Saving and loading TensorFlow neural networks Part 2: ONNX to the rescue

Welcome back to my attempts to save a trained TensorFlow model in Python and load it in C/C++. Part 1 documented how I kept running into that word deprecated in the TensorFlow library. The conclusion was that the SavedModel format was going to remain in TensorFlow 2.0, but all the functions in TensorFlow 1.x for creating a SavedModel, or saving the model in some other way, were deprecated. The most future-proof way of working was to serve the SavedModel using TensorFlow Serving.
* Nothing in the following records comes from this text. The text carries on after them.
(* Let $n=p_1^{m_1}\cdots p_k^{m_k}$ with $m_i>1$ for at least one $i$. Then $\mathcal E_{\mathbb Z_n}\cong K_m\vee H$, where $K_m$ is the complete graph on $m=\prod_{i=1}^k m_i-1$ vertices (the essential nonzero proper ideals) and $H=\mathscr G\big[\mathcal E_{\mathbb Z_n}([I])\big]_{I\in V(\mathscr G)}$ is the $\mathscr G$-generalized join of the edgeless graphs $\mathcal E_{\mathbb Z_n}([I])\cong\overline K_{\prod_{i\notin\Xi_I}m_i}$, with $\mathscr G\cong\mathbb{AIG}(\mathbb Z_{p_1p_2\cdots p_k})$.
   Context: Primes $p_1<\dots<p_k$, positive integers $m_i$. Nonzero proper ideals of $\mathbb Z_n$ are uniquely $\langle p_1^{r_1}\cdots p_k^{r_k}\rangle$, $0\le r_i\le m_i$, $(r_i)\ne(0,\dots,0),(m_1,\dots,m_k)$; such an ideal is essential iff $r_j\ne m_j$ for all $j$. Essential ideal graph $\mathcal E_{\mathbb Z_n}$: vertices the nonzero proper ideals, distinct $I,K$ adjacent iff $I+K$ is essential. $\mathscr U$ = nonzero proper nonessential ideals; $\Xi_I=\{i:r_i=m_i\}$; $I\preccurlyeq J$ iff $\Xi_I=\Xi_J$, class $[I]$, and $\mathcal E_{\mathbb Z_n}([I])$ the induced subgraph on $[I]$. $\mathscr G$: vertex set the $2^k-2$ ideals $\langle\prod_{i\in S}p_i^{m_i}\rangle$, $S$ nonempty proper subset of $\{1,\dots,k\}$, adjacent iff index sets disjoint. The $\mathscr G$-generalized join $\mathscr G[\Gamma_v]_{v}$ replaces each vertex $v$ of $\mathscr G$ by $\Gamma_v$ and joins all vertices of $\Gamma_u$ to all vertices of $\Gamma_v$ when $u\sim v$. $\Gamma_1\vee\Gamma_2$ is the join. $\mathbb{AIG}(R)$: vertices nonzero ideals annihilated by some nonzero ideal, $I\sim K$ iff $IK=0$. *)

From HB Require Import structures.
From mathcomp Require Import all_boot all_order all_algebra.
Set Implicit Arguments. Unset Strict Implicit. Unset Printing Implicit Defensive.
Import GRing.Theory.

Record graph := Graph { vtx : finType; adj : rel vtx }.

Definition giso (G1 G2 : graph) : Prop :=
  exists f : vtx G1 -> vtx G2, bijective f /\ forall x y, adj (f x) (f y) = adj x y.

Definition Kcomplete (m : nat) : graph := @Graph 'I_m (fun x y => x != y).
Definition Kedgeless (t : nat) : graph := @Graph 'I_t (fun _ _ => false).

Definition gjoin2 (A B : graph) : graph :=
  @Graph (vtx A + vtx B)%type
    (fun x y => match x, y with
                | inl a, inl a' => adj a a'
                | inr b, inr b' => adj b b'
                | _, _ => true end).

Definition isl (A B : Type) (x : A + B) : bool := if x is inl _ then true else false.

Definition gjoin (G : graph) (Gam : vtx G -> graph) : graph :=
  @Graph {v : vtx G & vtx (Gam v)}
    (fun x y => if tag x == tag y then adj (tagged x) (tagged_as x y)
                else adj (tag x) (tag y)).

Local Open Scope ring_scope.

Section Ideals.
Variable n : nat.

Definition is_ideal (I : {set 'Z_n}) : bool :=
  [&& (0 : 'Z_n) \in I,
      [forall x in I, forall y in I, x + y \in I] &
      [forall a : 'Z_n, forall x in I, a * x \in I]].

Definition nzproper (I : {set 'Z_n}) : bool :=
  [&& is_ideal I, I != [set 0] & I != [set: 'Z_n]].

Definition essential (I : {set 'Z_n}) : bool :=
  [&& is_ideal I, I != [set 0] &
      [forall K : {set 'Z_n}, (is_ideal K && (K != [set 0])) ==> (I :&: K != [set 0])]].

Definition isum (I K : {set 'Z_n}) : {set 'Z_n} := [set x + y | x in I, y in K].

Definition pid (a : 'Z_n) : {set 'Z_n} := [set a * x | x : 'Z_n].

Definition EV := {I : {set 'Z_n} | nzproper I}.
Definition EG : graph :=
  @Graph EV (fun I J => (I != J) && essential (isum (val I) (val J))).

(* the canonical generator d | n with I = <d>: least positive x <= n with x in I *)
Definition gen (I : {set 'Z_n}) : nat :=
  head n [seq x <- iota 1%N n | (x%:R : 'Z_n) \in I].

Variables (k : nat) (p m : 'I_k -> nat).

(* Xi_I = { i : r_i = m_i } where I = <prod p_i^{r_i}> *)
Definition Xi (I : {set 'Z_n}) : {set 'I_k} :=
  [set i | logn (p i) (gen I) == m i].

Definition pidS (S : {set 'I_k}) : {set 'Z_n} :=
  pid ((\prod_(i in S) p i ^ m i)%N)%:R.

Definition Gvert (I : {set 'Z_n}) : bool :=
  [exists S : {set 'I_k}, [&& S != set0, S != [set: 'I_k] & I == pidS S]].
Definition GV := {I : {set 'Z_n} | Gvert I}.
Definition GG : graph :=
  @Graph GV (fun I J => [exists S : {set 'I_k}, exists T : {set 'I_k},
                           [&& val I == pidS S, val J == pidS T & [disjoint S & T]]]).

Definition block (v : GV) : graph :=
  @Graph {J : EV | Xi (val J) == Xi (val v)} (fun a b => @adj EG (val a) (val b)).

Definition Hgraph : graph := @gjoin GG block.

End Ideals.

Section AIG.
Variable r : nat.
Definition annih (I K : {set 'Z_r}) : bool := [forall x in I, forall y in K, x * y == 0].
Definition AV := {I : {set 'Z_r} |
  [&& is_ideal I, I != [set 0] &
      [exists K : {set 'Z_r}, [&& is_ideal K, K != [set 0] & annih I K]]]}.
Definition AIG : graph := @Graph AV (fun I J => (I != J) && annih (val I) (val J)).
End AIG.

From mathcomp Require Import all_boot all_order all_algebra zify.
Set Implicit Arguments. Unset Strict Implicit. Unset Printing Implicit Defensive.
Import GRing.Theory.

(** Every ideal of Z_n is the set of multiples of the least positive integer
    it contains, a divisor of n; writing that generator as prod p_i^(r_i)
    identifies ideals with exponent vectors r <= m.  Sums of ideals take the
    pointwise minimum of exponent vectors and intersections the pointwise
    maximum, so Xi (I + J) = Xi I :&: Xi J, and I is essential iff Xi I is
    empty (if j \in Xi I, the ideal with Xi = [set~ j] meets I in 0).  Hence
    two vertices of E are adjacent iff they are distinct with disjoint Xi: the
    essential ideals form a clique joined to everything, and the other
    vertices fall into independent classes Xi = S, two classes being joined
    iff their index sets are disjoint.  Counting exponent vectors gives the
    class sizes.  In Z_(p_1...p_k) an ideal is determined by Xi and
    annihilation means Xi I :|: Xi J = setT, so S |-> ~: S is an isomorphism
    from G onto the annihilating-ideal graph. *)

Lemma head_filter_iota_min (P : pred nat) a l z y :
  P y -> y \in iota a l ->
  let h := head z (filter P (iota a l)) in [/\ h \in iota a l, P h & h <= y].
Proof.
move=> Py yin; have : y \in filter P (iota a l) by rewrite mem_filter Py.
have := sorted_filter ltn_trans P (iota_ltn_sorted a l).
have := mem_filter P ^~ (iota a l).
case: (filter P _) => //= h s hs /(order_path_min ltn_trans) min_h.
have /andP[Ph hin] : P h && (h \in iota a l) by rewrite -hs mem_head.
rewrite inE => /predU1P[->|ys]; first by split.
by split => //; apply: ltnW; move/allP: min_h; apply.
Qed.

Lemma minn_eq_bound a b c : a <= c -> b <= c -> (minn a b == c) = (a == c) && (b == c).
Proof. by move=> ac bc; apply/idP/idP; lia. Qed.

Lemma maxn_eq_bound a b c : a <= c -> b <= c -> (maxn a b == c) = (a == c) || (b == c).
Proof. by move=> ac bc; apply/idP/idP; lia. Qed.

Lemma setTPn (T : finType) (A : {set T}) : reflect (exists x, x \notin A) (A != setT).
Proof.
rewrite -(inj_eq (can_inj (@setCK T))) setCT.
by apply: (iffP (set0Pn _)) => -[x xA]; exists x; rewrite inE in xA *.
Qed.

Lemma setC_eq0 (T : finType) (A : {set T}) : (~: A == set0) = (A == setT).
Proof. by rewrite -setCT (inj_eq (@setC_inj T)). Qed.

Lemma setC_eqT (T : finType) (A : {set T}) : (~: A == setT) = (A == set0).
Proof. by rewrite -setC0 (inj_eq (@setC_inj T)). Qed.

Lemma card_ord_bij (T : finType) N : #|T| = N -> exists f : T -> 'I_N, bijective f.
Proof.
move=> cardT; exists (fun x => cast_ord cardT (enum_rank x)).
exists (fun i => enum_val (cast_ord (esym cardT) i)) => [x|i].
  by rewrite cast_ordK enum_rankK.
by rewrite enum_valK cast_ordKV.
Qed.

Lemma inj_surj_bij (T T' : finType) (f : T -> T') :
  injective f -> (forall y, exists x, f x = y) -> bijective f.
Proof.
move=> f_inj /fin_all_exists[g gK]; apply: inj_card_bij f_inj _.
exact: leq_card (can_inj gK).
Qed.

Section ZnIdeals.
Variable n : nat.
Hypothesis n_gt1 : 1 < n.
Local Notation Zn := 'Z_n.
Implicit Types I J : {set Zn}.

Definition multiples (d : nat) : {set Zn} := [set z : Zn | d %| val z].

Lemma val_natr x : val (x%:R : Zn)%R = x %% n.
Proof. exact: val_Zp_nat. Qed.

Lemma val_lt (z : Zn) : val z < n.
Proof. by have := ltn_ord z; rewrite [X in _ < X]Zp_cast. Qed.

Lemma dvdn_modn d x : d %| n -> (d %| x %% n) = (d %| x).
Proof. by move=> dn; rewrite {2}(divn_eq x n) dvdn_addr // dvdn_mull. Qed.

Lemma mem_multiples d x : d %| n -> (x%:R%R \in multiples d) = (d %| x).
Proof. by move=> dn; rewrite inE val_natr dvdn_modn. Qed.

Section Ideal.
Variable I : {set Zn}.
Hypothesis idealI : is_ideal I.

Lemma ideal0 : 0%R \in I.
Proof. by case/and3P: idealI. Qed.

Lemma idealD x y : x \in I -> y \in I -> (x + y)%R \in I.
Proof.
by case/and3P: idealI => _ /forall_inP addI _ xI yI; move/forall_inP: (addI x xI); apply.
Qed.

Lemma idealMl a x : x \in I -> (a * x)%R \in I.
Proof. by case/and3P: idealI => _ _ /forallP mulI xI; move/forall_inP: (mulI a); apply. Qed.

Lemma gen_spec : [/\ 0 < gen I <= n, (gen I)%:R%R \in I &
  forall y, 0 < y <= n -> y%:R%R \in I -> gen I <= y].
Proof.
have n_in : n \in iota 1 n by rewrite mem_iota add1n ltnS leqnn ltnW.
pose inI x := (x%:R : Zn)%R \in I.
have n_inI : inI n by rewrite /inI pchar_Zp // ideal0.
have [gen_in gen_I _] := head_filter_iota_min n n_inI n_in.
split => // [|y /andP[y_gt0 y_le] yI].
  by move: gen_in; rewrite mem_iota add1n ltnS.
have y_in : y \in iota 1 n by rewrite mem_iota add1n ltnS y_gt0.
by have [] := head_filter_iota_min n (yI : inI y) y_in.
Qed.

Lemma gen_gt0 : 0 < gen I.
Proof. by case: gen_spec => /andP[]. Qed.

Lemma gen_mem : ((gen I)%:R : Zn)%R \in I.
Proof. by case: gen_spec. Qed.

Lemma natr_mem_ideal x : ((x%:R : Zn)%R \in I) = (gen I %| x).
Proof.
have [/andP[_ gen_le] _ gen_min] := gen_spec.
apply/idP/idP => [xI|/dvdnP[q ->]]; last by rewrite natrM idealMl ?gen_mem.
have mod_I : ((x %% gen I)%:R : Zn)%R \in I.
  have -> : ((x %% gen I)%:R = x%:R - (x %/ gen I)%:R * (gen I)%:R :> Zn)%R.
    by rewrite {2}(divn_eq x (gen I)) natrD natrM addrAC subrr add0r.
  by rewrite idealD // -mulNr idealMl ?gen_mem.
have mod_lt : x %% gen I < gen I by rewrite ltn_mod gen_gt0.
have mod_le : x %% gen I <= n := leq_trans (ltnW mod_lt) gen_le.
rewrite /dvdn -leqn0 leqNgt; apply: contraL mod_lt => mod_gt0.
by rewrite -leqNgt gen_min ?mod_gt0.
Qed.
While the code for saving the model will be quite different in TensorFlow 2.0, at least the client-side code won’t have to change. The disadvantage is that one needs a virtual machine to use TF Serving on Windows, which is overkill for my use case. That’s why this post is going to explore using ONNX and the ONNX Runtime to run aSavedModel.

Changes between TF 1.x and 2.0

Before diving into the process for saving a neural network, its worth covering some differences between the two versions. A big one for me is that the session-based interface was deprecated. Now, the default is eager execution mode. The tf.layers module is also gone, so one either has to use tf.nn directly or, the much better route in most cases, tf.keras. tf.variable_scope is also gone, so any code relying on it to share layer weights between networks will have to change. There is the official migration guide as well as this Colab notebook by François Chollet to help in getting started with TensorFlow 2.0.
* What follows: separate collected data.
Lemma fin_indep_maximal A X :
  fin_indep L A -> A `<=` X ->
  exists S, A `<=` S /\ maximal_in (fin_indep L) X S.
Proof.
move=> fA AX.
(* Zorn's lemma is applied to the sets [S] with [A `|` S] in [fin_indep L]
   rather than to supersets of [A], so that the union of the empty chain
   qualifies. *)
pose P := [set S | S `<=` X /\ fin_indep L (A `|` S)].
have chainP F : F `<=` P -> total_on F subset -> P (\bigcup_(Y in F) Y).
  move=> FP Ftot; split; first by move=> x [Y /FP[YX _] /YX].
  move=> G GAF finG.
  have GF : G `\` A `<=` \bigcup_(Y in F) Y by move=> x [/GAF[]].
  have [S [S0|FS] GS] :=
    finite_subset_bigcup_chain Ftot (finite_setD A finG) GF.
    apply: fA => // x Gx; apply: contrapT => nAx.
    by have := GS x (conj Gx nAx); rewrite S0.
  apply: (FP S FS).2 => // x Gx.
  by case: (pselect (A x)) => [|nAx]; [left|right; apply: GS].
have [S0 [[S0X fAS0] S0max]] := Zorn_bigcup chainP.
exists (A `|` S0); split; first exact: subsetUl.
split=> //; split; first by move=> x [/AX|/S0X].
move=> S fS AS0S SX.
have S0S : S0 `<=` S by move=> x S0x; apply: AS0S; right.
have SS0 : S `<=` S0.
  apply: contrapT => nSS0; apply: (S0max S); first by split.
  split=> //; apply: fin_indepS fS _ => x [Ax|//].
  by apply: AS0S; left.
by apply/seteqP; split=> // x /SS0; right.
Qed.

End IndependenceSystem.

Lemma finitary_nfin_indepE T (L : set (set T)) :
  finitary (nfin_indep L) <-> nfin_indep L = fin_indep L.
Proof.
split=> [finL|->]; last exact: finitary_fin_indep.
apply/seteqP; split=> [F [] //|F fF]; apply/finL => G GF finG.
split; first exact: fin_indepS fF GF.
by exists G; split; [exact: fF|split; last rewrite setDv].
Qed.

Section Matroid.
Variables (T : Type) (L : set (set T)).
Hypothesis matroidL : is_matroid L.

Let indep0 : L set0.
Proof. by case: matroidL. Qed.

Let indep_sub A B : L B -> A `<=` B -> L A.
Proof. by case: matroidL => _ + _ _; apply. Qed.

Let indep_augment A B : L A -> ~ is_base L A -> is_base L B ->
  exists b, B b /\ ~ A b /\ L (A `|` [set b]).
Proof. by case: matroidL => _ _ + _; apply. Qed.

Let indep_extend A X : L A -> A `<=` X ->
  exists S, A `<=` S /\ maximal_in L X S.
Proof. by case: matroidL => _ _ _; apply. Qed.

Lemma maximal_in_base X B S :
  is_base L B -> B `<=` X -> maximal_in L X S -> is_base L S.
Proof.
move=> bB BX mS; apply: contrapT => nbS.
have [b [Bb [nSb LSb]]] := indep_augment mS.1 nbS bB.
exact/nSb/(maximal_in_add mS (BX b Bb) LSb).
Qed.

Lemma maximal_in_augment X A B :
  L A -> A `<=` X -> ~ maximal_in L X A -> maximal_in L X B ->
  exists b, B b /\ ~ A b /\ L (A `|` [set b]).
Proof.
move=> LA AX nmA mB; have [LB [BX _]] := mB.
have [z [Xz [nAz LAz]]] := not_maximal_in_augment indep_sub LA AX nmA.
have [B1 [BB1 bB1]] := indep_extend LB (subsetT B).
have [A1 [AA1 mA1]] := indep_extend LA (@subsetUl _ A B1).
have bA1 := maximal_in_base bB1 (@subsetUr _ A B1) mA1.
have [J [AzJ mJ]] := indep_extend LAz (@setSU _ [set z] _ _ AA1).
have bJ := maximal_in_base bA1 (@subsetUl _ A1 [set z]) mJ.
(* [B] together with the part of [J] outside [X] is a base: any augmentation
   from [J] would have to lie in [X], contradicting the maximality of [B]. *)
pose Q := B `|` (J `\` X).
have bQ : is_base L Q.
  have LQ : L Q.
    apply: indep_sub bB1.1 _ => x [/BB1 //|[Jx nXx]].
    case: (mJ.2.1 x Jx) => [/(mA1.2.1 x)[/AX //|//]|xz].
    by move: nXx; rewrite xz.
  apply: contrapT => nbQ.
  have [j [Jj [nQj LQj]]] := indep_augment LQ nbQ bJ.
  have Xj : X j by apply: contrapT => nXj; apply: nQj; right.
  apply: nQj; left; apply: (maximal_in_add mB Xj).
  by apply: indep_sub LQj _ => x [Bx|->]; [left; left|right].
have nbJz : ~ is_base L (J `\ z).
  move=> bJz; have eJ := base_sub_eq bJz mJ.1 (@subDsetl _ J [set z]).
  by have := AzJ z (or_intror erefl); rewrite eJ => -[_ /(_ erefl)].
have [b [Qb [nJzb LJzb]]] := indep_augment (indep_sub mJ.1 (@subDsetl _ _ _))
  nbJz bQ.
have AJz : A `<=` J `\ z.
  by move=> x Ax; split; [apply: AzJ; left|move=> xz; apply: nAz; rewrite -xz].
have Bb : B b.
  case: Qb => // -[Jb nXb]; case: nJzb; split=> // bz.
  by apply: nXb; rewrite bz.
exists b; split=> //; split; first by move/AJz.
by apply: indep_sub LJzb _ => x [/AJz|->]; [left|right].
Qed.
With regards to saving TensorFlow computation graphs, the good news is that SavedModel is the one format that is supposed to be compatible with both version 1.x and 2.0. This even means that a SavedModel generated by TF 2.0 code should be usable in TF 1.x code, as long as it doesn’t use features that aren’t available in that earlier version.

How to save your network

I’ll only cover this briefly as the TensorFlow documentation has many examples. Firstly, tf.keras.Model supports saving networks either using Keras’s format with an HDF5 file, or the SavedModel format, as shown here in the documentation. The same function, tf.keras.Model.save gets used in both cases, the difference seems to depend on whether the file name ends in .h5 or not. If it does, you’re generating a Keras file, if it doesn’t, you’re using TensorFlow’s SavedModel. There’s also tf.saved_model.save, which is useful in combination with the tf.function decorator. For a Keras model, both are equivalent. However tf.saved_model.save is useful in cases where the model isn’t a Keras model, e.g. if it uses the tf.nn module. Now for the obligatory piece of code to show saving a model:

import tensorflow as tf
def create_model():
X = tf.keras.Input(shape=(10,), name='input')
h = tf.keras.layers.Dense(10, kernel_initializer=tf.constant_initializer(1), bias_initializer=tf.constant_initializer(1))(X)
y = tf.keras.layers.Dense(10, kernel_initializer=tf.constant_initializer(1), bias_initializer=tf.constant_initializer(1), name='output')(h)
model = tf.keras.models.Model(inputs=[X], outputs=[y])
return model
def run_model(model: tf.keras.Model):
output = model.predict(np.array([[1,2,3,4,5,6,7,8,9,10]]))
print(output)
if __name__ == "__main__":
model = create_model()
run_model(model)
tf.saved_model.save(model, './data/save_model_v2')
view raw tf_2.0_savedmodel.py hosted with ❤ by GitHub
A simple demo of TensorFlow 2’s SavedModel.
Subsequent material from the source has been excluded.